和歌山小5刺殺事件を考える9 控訴審を前に

紀の川市で起きた小学5年生の男児刺殺事件で、中村桜洲被告は懲役16年の判決を受けましたが、量刑不服として控訴しています
中村被告の父親は密教学者でもある高野山大学教授の中村本然ですが、すでに退職しています。大学に迷惑がかかるからなのか、父親として、あるいは僧侶として何か考えるところがあったからなのかは不明です(メディアの取材にも応じていないのでしょう)
毎日新聞は殺害された森田都史さんの父親に取材をし、控訴審前の心境を記事にしています
一審での求刑は懲役25年でしたが、中村被告が心神耗弱状態にあったと裁判官が認定したため判決では懲役16年が言い渡されており、父親としては息子の命があまりにも軽く扱われていると、憤懣やるかたない思いを語っています


和歌山県紀の川市で2015年2月、小学5年の森田都史(さん(当時11歳)が殺害された事件で、控訴審の初公判が23日、大阪高裁である。殺人などの罪に問われた中村桜洲(おうしゅう)被告(25)は和歌山地裁で懲役16年の判決を受けたが、控訴審も1審同様に事件当時の精神状態と量刑が争点になるとみられる。
「命は風船のように軽い」。都史さんの父親(69)が取材に応じ、愛息を失った無念さを訴え、厳罰を求めた。

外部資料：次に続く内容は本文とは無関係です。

Lemma rho_surj (t : T) : exists r, t = rho r.
Proof.
  exists (proj1_sig t); destruct t as [x [h1 h2]]; apply T_eq; simpl.
  unfold frac_part, Int_part; rewrite <- (tech_up x 1); simpl; lra.
Qed.

Lemma Tadd_rho (a b : R) : Tadd (rho a) (rho b) = rho (a + b).
Proof.
  apply rho_eq_int with (k := (- (Int_part a + Int_part b))%Z).
  simpl; unfold frac_part; rewrite opp_IZR, plus_IZR; ring.
Qed.

Lemma IZR_small (k : Z) : Rabs (IZR k) < 1 -> k = 0%Z.
Proof.
  intros h; apply Rabs_def2 in h; destruct h as [h1 h2].
  apply lt_IZR in h1; apply (lt_IZR (-1)) in h2; lia.
Qed.

Lemma Rabs_le_bounds (a b : R) : Rabs a <= b -> - b <= a <= b.
Proof. unfold Rabs; destruct (Rcase_abs a); intros; lra. Qed.

Lemma Tadd_T0_l (t : T) : Tadd T0 t = t.
Proof. destruct (rho_surj t) as [r ->]; unfold T0; rewrite Tadd_rho; f_equal; ring. Qed.

Definition Tdbl (t : T) : T := Tadd t t.

Fixpoint Tdbl_iter (k : nat) (t : T) : T :=
  match k with O => t | S k => Tdbl_iter k (Tdbl t) end.

Lemma Tdbl_rho (a : R) : Tdbl (rho a) = rho (2 * a).
Proof. unfold Tdbl; rewrite Tadd_rho; f_equal; ring. Qed.

Lemma Tdbl_add (s t : T) : Tdbl (Tadd s t) = Tadd (Tdbl s) (Tdbl t).
Proof.
  destruct (rho_surj s) as [a ->], (rho_surj t) as [b ->].
  rewrite !Tadd_rho, !Tdbl_rho, Tadd_rho; f_equal; ring.
Qed.

Lemma Tdbl_T0 : Tdbl T0 = T0.
Proof. unfold T0; rewrite Tdbl_rho; f_equal; ring. Qed.

Lemma Tplus_small (r : R) : Rabs r <= / 4 -> Tplus (rho r).
Proof. intros h; exists r; split; [apply Rabs_le_bounds in h; lra | reflexivity]. Qed.

Lemma Tplus_T0 : Tplus T0.
Proof. apply Tplus_small; rewrite Rabs_R0; lra. Qed.

Lemma inv_pow2_bounds (n : nat) : 0 < / 2 ^ n <= 1.
Proof.
  assert (h := pow_R1_Rle 2 n ltac:(lra)); split.
  - apply Rinv_0_lt_compat; lra.
  - rewrite <- Rinv_1; apply Rinv_le_contravar; lra.
Qed.

(** Inductively, [2t] has a lift [r'] of size at
    most [1/(4 2^n)] and [t] a lift [r0] in [[-1/4,1/4]]; then [2 r0 - r'] is an
    integer of absolute value [< 1], so [r0 = r'/2]. *)
Lemma Tplus_dbl_iter_small (n : nat) : forall t : T,
  (forall k, (k <= n)%nat -> Tplus (Tdbl_iter k t)) ->
  exists r, Rabs r <= / 4 / 2 ^ n /\ t = rho r.
Proof.
  induction n as [|n IH]; intros t h.
  - destruct (h O (le_n _)) as [r [hr e]]; exists r; split; [|exact e].
    simpl; apply Rabs_le; lra.
  - destruct (IH (Tdbl t)) as [r' [hr' e']].
    { intros k hk; apply (h (S k)); lia. }
    assert (ht : Tplus t) by exact (h O ltac:(lia)).
    destruct ht as [r0 [hr0 ->]].
    rewrite Tdbl_rho in e'; destruct (rho_inj _ _ e') as [k hk].
    assert (hn := inv_pow2_bounds n).
    assert (k = 0%Z) as ->.
    { apply IZR_small; rewrite <- hk; apply Rabs_le_bounds in hr'.
      unfold Rdiv in hr'; apply Rabs_def1; nra. }
    exists r0; split; [|reflexivity].
    simpl in hk; replace r0 with (r' * / 2) by lra.
    rewrite Rabs_mult, (Rabs_right (/ 2)) by lra; simpl.
    unfold Rdiv in *; rewrite Rinv_mult; lra.
Qed.

Lemma dyadic_radius_small (eps : R) : 0 < eps -> exists n, / 4 / 2 ^ n < eps.
Proof.
  intros he; destruct (pow_lt_1_zero (/ 2) ltac:(rewrite Rabs_right; lra) (4 * eps))
    as [N hN]; [lra|].
  exists N; specialize (hN N (le_n _)).
  rewrite pow_inv, Rabs_right in hN by (left; apply inv_pow2_bounds).
  unfold Rdiv; lra.
Qed.

Lemma Tnear0_rho (r eps : R) : Rabs r < eps -> Tnear T0 (rho r) eps.
Proof. intros h; exists r; split; [exact h | symmetry; apply Tadd_T0_l]. Qed.

Lemma Tnear0_inv (s : T) (eps : R) : Tnear T0 s eps -> exists r, Rabs r < eps /\ s = rho r.
Proof. intros [r [hr ->]]; exists r; split; [exact hr | apply Tadd_T0_l]. Qed.

Lemma Tnear_translate (t s : T) (eps : R) : Tnear T0 s eps -> Tnear t (Tadd t s) eps.
Proof. intros h; destruct (Tnear0_inv s eps h) as [r [hr ->]]; exists r; auto. Qed.

Lemma Tnear_dbl (t s : T) (eps : R) : Tnear t s (eps / 2) -> Tnear (Tdbl t) (Tdbl s) eps.
Proof.
  intros [r [hr ->]]; exists (2 * r); split.
  - rewrite Rabs_mult, (Rabs_right 2) by lra; lra.
  - rewrite Tdbl_add, Tdbl_rho; reflexivity.
Qed.

Lemma Tplus_of_Tnear0 (s : T) : Tnear T0 s (/ 4) -> Tplus s.
Proof. intros h; destruct (Tnear0_inv s _ h) as [r [hr ->]]; apply Tplus_small; lra. Qed.

Lemma Tnear0_of_dbl_iter (n : nat) (t : T) (eps : R) : / 4 / 2 ^ n < eps ->
  (forall k, (k <= n)%nat -> Tplus (Tdbl_iter k t)) -> Tnear T0 t eps.
Proof.
  intros hn h; destruct (Tplus_dbl_iter_small n t h) as [r [hr ->]].
  apply Tnear0_rho; lra.
Qed.

Section GroupAlgebra.
Variable G : abgroup.
Implicit Types a b x y : G.

Lemma addr0 x : agadd x ag0 = x.
Proof. rewrite ag_addC; apply ag_add0. Qed.

Lemma addrN x : agadd x (agopp x) = ag0.
Proof. rewrite ag_addC; apply ag_addN. Qed.

Lemma subrr x : agsub x x = ag0.
Proof. apply addrN. Qed.

Lemma opp_uniq x y : agadd x y = ag0 -> x = agopp y.
Proof. intros h; rewrite <- (addr0 x), <- (addrN y), ag_addA, h, ag_add0; reflexivity. Qed.

Lemma oppK x : agopp (agopp x) = x.
Proof. symmetry; apply opp_uniq, addrN. Qed.

Lemma oppD x y : agopp (agadd x y) = agadd (agopp x) (agopp y).
Proof.
  symmetry; apply opp_uniq.
  rewrite <- ag_addA, (ag_addA _ (agopp y)), (ag_addC _ (agopp y) x), <- ag_addA, ag_addN,
    addr0, ag_addN; reflexivity.
Qed.

Lemma add_sub x a : agadd x (agsub a x) = a.
Proof. unfold agsub; rewrite (ag_addC _ a), ag_addA, addrN, ag_add0; reflexivity. Qed.

Lemma sub_add a b : agadd (agsub a b) b = a.
Proof. rewrite ag_addC; apply add_sub. Qed.

Lemma sub_opp a x : agsub a (agopp x) = agadd x a.
Proof. unfold agsub; rewrite oppK; apply ag_addC. Qed.

Lemma sub_addadd x y a b : agsub (agadd x a) (agadd y b) = agadd (agsub x y) (agsub a b).
Proof.
  unfold agsub; rewrite oppD, <- !ag_addA; f_equal.
  rewrite (ag_addC _ a), <- ag_addA; f_equal; apply ag_addC.
Qed.

End GroupAlgebra.

Arguments addr0 {G}. Arguments subrr {G}. Arguments add_sub {G}. Arguments sub_add {G}.
Arguments sub_opp {G}. Arguments sub_addadd {G}.

Section Characters.
Context {G : abgroup}.
Implicit Types (a b x : G) (phi : G -> T).

Lemma hom0 phi : is_hom phi -> phi ag0 = T0.
Proof.
  intros h; assert (e := h ag0 ag0); rewrite ag_add0 in e.
  destruct (rho_surj (phi ag0)) as [l hl]; rewrite hl, Tadd_rho in e.
  destruct (rho_inj _ _ e) as [k hk].
  rewrite hl; apply rho_eq_int with (k := (- k)%Z); rewrite opp_IZR; lra.
Qed.

Lemma hom_sub phi a b r s : is_hom phi -> phi a = rho r -> phi b = rho s ->
  phi (agsub a b) = rho (r - s).
Proof.
  intros hh ha hb; assert (e := hh (agsub a b) b).
  rewrite sub_add, ha, hb in e.
  destruct (rho_surj (phi (agsub a b))) as [l hl]; rewrite hl, Tadd_rho in e.
  destruct (rho_inj _ _ e) as [k hk].
  rewrite hl; apply rho_eq_int with (k := (- k)%Z); rewrite opp_IZR; lra.
Qed.

Definition dbl_char phi : G -> T := fun x => Tdbl (phi x).

Fixpoint dbl_iter_char (k : nat) phi : G -> T :=
  match k with O => phi | S k => dbl_iter_char k (dbl_char phi) end.

Lemma dbl_iter_char_eq k : forall phi x, dbl_iter_char k phi x = Tdbl_iter k (phi x).
Proof. induction k as [|k IH]; intros phi x; simpl; [reflexivity | apply IH]. Qed.

Lemma hom_dbl phi : is_hom phi -> is_hom (dbl_char phi).
Proof. intros hh x y; unfold dbl_char; rewrite hh, Tdbl_add; reflexivity. Qed.

Definition dbl_set (M : (G -> T) -> Prop) : (G -> T) -> Prop :=
  fun psi => exists phi, M phi /\ psi = dbl_char phi.

Definition dbl_orbit phi (n : nat) : (G -> T) -> Prop :=
  fun psi => exists k, (k <= n)%nat /\ psi = dbl_iter_char k phi.

Fixpoint gdbl_iter (k : nat) (a : G) : G :=
  match k with O => a | S k => gdbl_iter k (agadd a a) end.

Lemma hom_gdbl_iter phi : is_hom phi -> forall k a, phi (gdbl_iter k a) = Tdbl_iter k (phi a).
Proof. intros hh k; induction k as [|k IH]; intros a; simpl; [|rewrite IH, hh]; reflexivity. Qed.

父親は都史さんの遺骨を今も手元に置いている。好物の目玉焼きとウインナーを供えるのが日課だ。菓子やおもちゃもあふれている。「今も一緒に暮らしているから」
昨年3月の1審判決で、中村被告がふてくされた様子で退廷する姿が忘れられない。
「(罪の重さを)分かっているからあんな態度になったんだと思う。被告にはまっとうな責任能力があるのでは」。判決は事件当時に心神耗弱状態だったと認定したが、受け入れられないでいる。
父親は同年7月、都史さんの「14歳」の誕生日を、高校生の長男(15)と祝った。部屋を飾り付け、ケーキを用意して都史さんが大好きだったアニメソングを歌った。「都史、次は何を歌おうか」。声を掛けると、たまらなく寂しくなった。

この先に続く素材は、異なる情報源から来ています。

Lemma tgrs_dual_vanish (i : 'I_n) : (i < k.-1)%N -> f.[alpha i] = 0.
Proof.
pose w (j : 'I_k.-1) := widen_ord k_le_n j.
have w_eq0 : forall j, (v (w j) ^+ 2 - 1) * f.[alpha (w j)] = 0.
  apply: (weights_eq0_of_orth (b := alpha \o w)) => [a b /alpha_inj ab|j|g size_g g0].
  - by apply: val_inj; apply: (congr1 val ab).
  - exact: (alpha_neq0 n_gt0 lam_neq0 binom_prod).
  - rewrite prednK // in size_g; rewrite -[RHS](tgrs_dual_weighted_orth size_g g0).
    rewrite (bigID (fun i : 'I_n => (i < k.-1)%N)) /= big_ord_narrow [X in _ + X]big1 ?addr0 //.
    by move=> i'; rewrite -leqNgt => /v_sqr_eq1 ->; rewrite subrr !mul0r.
move=> i_lt; have /eqP := w_eq0 (Ordinal i_lt).
rewrite mulf_eq0 subr_eq0 (_ : w _ = i); last exact: val_inj.
by rewrite (negbTE (v_sqr_neq1 i_lt)) => /eqP.
Qed.

Lemma tgrs_dual_sum_horner fc' : \sum_i (f * tgrs_poly k eta fc').[alpha i] = 0.
Proof.
rewrite -[RHS](tgrs_dual_orth fc') [X in _ = _ + X]big1 ?addr0 // => i _.
case: (ltnP i k.-1) => [/tgrs_dual_vanish|/v_sqr_eq1 ->].
  by rewrite hornerM => ->; rewrite mul0r mulr0.
by rewrite subrr mul0r.
Qed.

Lemma tgrs_dual_coef0 : fc 0%N = 0.
Proof.
have := tgrs_dual_sum_horner (fun i => (i == 0)%:R).
have size_f := size_tgrs_poly k eta fc.
set T := tgrs_tail k eta; rewrite tgrs_poly_delta0 // -/T.
have size_T : (size T <= k + l.+1)%N := size_tgrs_tail k eta.
have size_1T : (size (1 + T)%R <= k + l.+1)%N.
  by rewrite (leq_trans (size_polyD _ _)) // geq_max size_poly1 size_T andbT; lia.
have size_hT : (size (tgrs_head k fc * T)%R <= n)%N.
  rewrite (leq_trans (size_polyMleq _ _)) // n_eq.
  have := leq_add (size_tgrs_head k fc) size_T; lia.
rewrite sum_horner; last first.
  rewrite (leq_trans (size_polyMleq _ _)) // n_eq.
  have := leq_add size_f size_1T; lia.
rewrite coef0M coef0_tgrs_poly // coefD coef1 coef0_tgrs_tail // addr0 mulr1.
rewrite [f * _]mulrDr mulr1 coefD (nth_default _ (leq_trans size_f _)); last by rewrite n_eq; lia.
rewrite add0r [in X in X * T]tgrs_polyE mulrDl coefD (nth_default _ size_hT) add0r.
rewrite -scalerAl coefZ -expr2 mulrCA -{1}[fc 0%N]mulr1 -mulrDr => /eqP.
by rewrite !mulf_eq0 (negbTE natr_n_neq0) (negbTE tgrs_cond) orbF => /eqP.
Qed.

Lemma tgrs_dual_eq0 : f = 0.
Proof.
pose rs := 0 :: [seq alpha (widen_ord k_le_n j) | j <- enum 'I_k.-1].
apply: (roots_geq_poly_eq0 (rs := rs)).
- rewrite /= /root horner_coef0 coef0_tgrs_poly // tgrs_dual_coef0 eqxx /=.
  by apply/allP => _ /mapP [j _ ->]; rewrite tgrs_dual_vanish /=.
- rewrite /= map_inj_uniq ?enum_uniq ?andbT.
    apply/mapP => [[j _ /esym]]; apply/eqP.
    exact: (alpha_neq0 n_gt0 lam_neq0 binom_prod).
  by move=> a b /alpha_inj/(congr1 val) ab; apply: val_inj.
- rewrite tgrs_polyE tgrs_dual_coef0 scale0r addr0 /= size_map size_enum_ord prednK //.
  exact: size_tgrs_head.
Qed.

End TGRSDual.

Theorem theorem4p2 (F : finFieldType) (n : nat) (lam : F)
    (alpha : 'I_n -> F) (l : nat) (eta : 'I_l.+1 -> F) (r k : nat)
    (v : 'I_n -> F) :
  odd #|F| ->
  (0 < n)%N ->
  (n %| #|F|.-1)%N ->
  lam != 0 ->
  lam ^+ (#|F|.-1 %/ n) = 1 ->
  injective alpha ->
  'X^n - lam%:P = \prod_(i < n) ('X - (alpha i)%:P) ->
  (exists j, eta j != 0) ->
  (r <= l)%N ->
  n = (k.*2 + l + r)%N ->
  (2 <= k)%N ->
  (forall i : 'I_n, (k.-1 <= i)%N -> v i = 1 \/ v i = -1) ->
  (forall i : 'I_n, (i < k.-1)%N -> v i \notin [:: -1; 0; 1]) ->
  1 + \sum_(t < l.+1 | (r <= t)%N) eta t * Phi alpha eta (l.+1 + r - t) != 0 ->
  is_LCD (in_tgrs k alpha v eta).
Proof.
move=> _ n_gt0 n_dvd lam_neq0 _ alpha_inj binom_prod _ r_le_l n_eq k_ge2 v_pm v_other cond.
move=> _ [fc ->] c_dual; apply/rowP => i; rewrite !mxE.
have l_lt_n : (l < n)%N by rewrite n_eq; lia.
have tgrs_cond : 1 + lam * (tgrs_tail k eta ^+ 2)`_n != 0.
  move: cond; rewrite (sum_eta_Phi_alpha n_gt0 lam_neq0 alpha_inj binom_prod) //.
  by rewrite n_eq -addnA coef_tgrs_tail_sqr; apply.
have v_sqr_eq1 (j : 'I_n) : (k.-1 <= j)%N -> v j ^+ 2 = 1.
  by case/v_pm => ->; rewrite ?sqrrN expr1n.
have v_sqr_neq1 (j : 'I_n) : (j < k.-1)%N -> v j ^+ 2 != 1.
  move/v_other; rewrite sqrf_eq1 !inE => /norP [v_neqN1 /norP [_ v_neq1]].
  by rewrite negb_or v_neq1 v_neqN1.
rewrite (tgrs_dual_eq0 n_gt0 lam_neq0 alpha_inj binom_prod n_eq k_ge2
  (natr_dvdn_card_pred_neq0 n_dvd) v_sqr_eq1 v_sqr_neq1 tgrs_cond c_dual).
by rewrite horner0 mulr0.
Qed.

控訴審を控え、昨年12月に大阪高検に陳述書を提出。「1審の判決理由には、こんなに(刑を)軽くされる根拠は全然なかった。都史の命は、風船のように軽い。最も重い刑罰が与えられることを望んでいる」などと記した。
裁判が終わるまで納骨はしないと決めている。「まだ良い報告はできない」。遺影の中でほほ笑む都史さんを見つめた。
(毎日新聞の記事から引用)


記事の文面からだけでは、中村家から謝罪なり慰謝料の支払いがあったのか不明であり、「何だかな」と思ってしまいます
刑罰を受け入れられていない、との心境からすれば、何の謝罪も補償も受けていない可能性が考えられます(取材するなら記者としてそこへ踏み込むべきでは?)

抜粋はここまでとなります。